Can Language Models Learn Meaning Just By Observing Text?
CDS researchers propose a mathematical framework to study under what conditions an artificial system can learn meaning by solely observing text produced by humans
CDS PhD student William Merrill recently published a research paper, “Entailment Semantics Can Be Extracted from an Ideal Language Model” along with Alex Warstadt, a former NYU PhD student now at ETH Zürich, and Tal Linzen, CDS Assistant Professor of Linguistics and Data Science at NYU. The research brings together the fields of linguistics and data science, offering a theoretical analysis of the potential and limitations of language processing technologies.
Many recent advances in language technology are powered by language models: systems that learn to generate sentences by observing a vast number of sentences from text downloaded from the Internet. Currently, researchers are debating if language models can learn the meaning of sentences simply by observing which words are likely to occur together. One piece of linguistic meaning is entailment: knowing when one sentence requires another one to be true. For example, Mary and John went to the store entails Mary went to the store.
Picking up on entailment is a fundamental part of humans’ ability to use language. Unlike language models, when humans learn language, we process more information than just a string of sentences: we interact with the physical world and experience emotions, movement, sound, and so on. Language models don’t have the same access to this information, so it is unclear whether they can learn which sentences entail which simply by observing a large number of sentences.

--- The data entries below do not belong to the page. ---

Lemma disc_of_hermitian n (A : 'M[CR]_n) s : A \is hermsymmx ->
  eigenvalue_list A s -> disc_of s = \det (Vandermonde n (spectral_diag A)) ^+ 2.
Proof.
move=> hermA eig_s; set d := spectral_diag A.
pose t := [tuple d 0 i | i < n].
have eig_t : char_poly A = \prod_(x <- t) ('X - x%:P).
  rewrite [in LHS](hermitian_spectralE hermA) char_poly_conj; last first.
    by apply/unitarymxP/spectral_unitarymx.
  rewrite char_poly_trig ?diag_mx_is_trig // big_tuple.
  by apply: eq_bigr => i _; rewrite tnth_mktuple mxE eqxx mulr1n.
rewrite (perm_disc_of (s2 := t)); last by apply: prod_XsubC_eq; rewrite -eig_s.
rewrite (disc_ofE (m := n)) ?size_tuple //; congr (\det (Vandermonde _ _) ^+ 2).
by apply/rowP => j; rewrite !mxE -(tnth_nth 0) tnth_mktuple.
Qed.

Lemma is_hermitian_hermsymmx n (A : 'M[CR]_n) : is_hermitian A -> A \is hermsymmx.
Proof.
move=> /eqP hermA; rewrite qualifE expr0 scale1r; apply/eqP/matrixP => i j.
by have /matrixP/(_ j i) := hermA; rewrite !mxE.
Qed.

Definition coord_mx n : 'M[{mpoly CR[n * n + n * n]}]_n :=
  \matrix_(i, j) ('X_(lshift _ (mxvec_index i j)) +
                 'i%:MP * 'X_(rshift _ (mxvec_index i j))).

Lemma map_coord_mx n (A : 'M[CR]_n) :
  map_mx (meval (fun k => (herm_coords A k)%:C)) (coord_mx n) = A.
Proof.
apply/matrixP => i j; rewrite !mxE mevalD mevalM mevalC !mevalXU /herm_coords.
rewrite row_mxEl row_mxEr !mxvecE !mxE.
by case: (A i j) => a b; simpc.
Qed.

Theorem corollary7p3 (n : nat) (hn : (2 <= n)%N) :
  exists p : 'I_(2 * 'C(2 * n - 1, n - 1)) -> {mpoly Rdefinitions.R[n * n + n * n]},
    forall (A : 'M[CR]_n), is_hermitian A ->
    forall s : seq CR, eigenvalue_list A s ->
      disc_of s = (\sum_k (herm_polyfun (p k) A) ^+ 2)%:C.
Proof.
case: n hn => [//|n] _.
pose c (t : n.+1.-tuple 'I_n.+1) : CR := sqrtC ((sort_multiplicity t)%:R / n.+1`!%:R).
have norm_c t : `|c t| ^+ 2 = (sort_multiplicity t)%:R / n.+1`!%:R.
  by rewrite ger0_norm ?sqrtCK // sqrtC_ge0 divr_ge0 ?ler0n.
have [p sum_p] := sum_sqr_norm_mpoly (fun i : 'I_#|sorted_tuples n.+1| =>
  c (enum_val i) *: krylov_sym (coord_mx n.+1) (tnth (enum_val i))).
rewrite -card_sorted_tuplesE; exists p => A /is_hermitian_hermsymmx hermA s eig_s.
rewrite /herm_polyfun sum_p (disc_of_hermitian hermA eig_s).
rewrite -(sum_sort_multiplicity_krylov_sym_hermitian hermA) big_enum_val.
by apply: eq_bigr => i _; rewrite mevalZ map_krylov_sym map_coord_mx normrM exprMn norm_c.
Qed.
Section NormalSubgroup.

Variable N : Gc -> Prop.
Hypothesis N_normal : normal_subgroup N.

Lemma N_inG a : N a -> inG a.
Proof. by case: N_normal => + _; apply. Qed.

Lemma N_eq a b : N a -> inG b -> G_eq a b -> N b.
Proof. by case: N_normal => _ [+ _]; apply. Qed.

Lemma N_one : N gone.
Proof. by case: N_normal => _ [_ []]. Qed.

Lemma N_mul a b : N a -> N b -> N (gmul a b).
Proof. by case: N_normal => _ [_ [_ [+ _]]]; apply. Qed.

Lemma N_inv a : N a -> N (ginv a).
Proof. by case: N_normal => _ [_ [_ [_ [+ _]]]]; apply. Qed.

Lemma N_conj a b : N a -> inG b -> N (gmul (gmul b a) (ginv b)).
Proof. by case: N_normal => _ [_ [_ [_ [_ +]]]]; apply. Qed.

Definition fun_in c := N (fun_elt c).

Definition perm_in n (u : {perm word n}) := N (perm_elt u).

Lemma fun_inP a c : N a -> (forall x, gf a x = x) -> (forall x, cf a x = c x) -> fun_in c.
Proof.
move=> Na a_id ac; have c_cont : continuous c.
  by rewrite -(boolp.funext ac); case: (N_inG Na).
by apply: N_eq Na (inG_fun_elt c_cont) _; split=> //; left.
Qed.

Lemma eq_fun_in c c' : c =1 c' -> fun_in c -> fun_in c'.
Proof. by move=> /boolp.funext ->. Qed.

Lemma fun_in0 : fun_in (fun _ => false).
Proof. exact: N_one. Qed.

Lemma fun_inD c1 c2 : fun_in c1 -> fun_in c2 -> fun_in (fun x => c1 x (+) c2 x).
Proof. by move=> c1N c2N; apply: fun_inP (N_mul c1N c2N) _ _. Qed.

The research paper suggests that entailments between sentences can be drawn out from language models. Moreover, it provides a simple equation describing whether one sentence entails another sentence using a language model. This equation relies on the fact that the text language models learn from is written by humans with the goal of conveying information in mind, as the linguistic theory of pragmatics suggests. “Our results reveal a pathway for understanding the semantic information encoded in unlabeled linguistic data and a potential framework for extracting semantics from language models,” states the research paper. However, the model must perfectly learn its target distribution, which the research shows can be very difficult. To fully realize the method proposed by the study, further technological advances may be needed.
“For future work, we are interested in developing algorithms to extract entailment judgments from language models,” said William. “Doing so would allow us to better understand the implicit ‘beliefs’ that language models pick up from their training data.”
William and Tal work at the intersection of linguistics, computer science, and data science. Before NYU, William received his B.Sc. in linguistics and computer science from Yale and completed predoctoral research at the Allen Institute for AI. His current research investigates how language models and other natural language processing systems represent the structure and meaning of language from an interdisciplinary perspective.
Tal directs the Computation and Psycholinguistics Lab at NYU, where researchers utilize behavioral experiments and computational methods to study how people process and learn languages. Tal’s work builds on data science techniques to advance understanding of the human mind as well as improve language technologies.
By Meryl Phair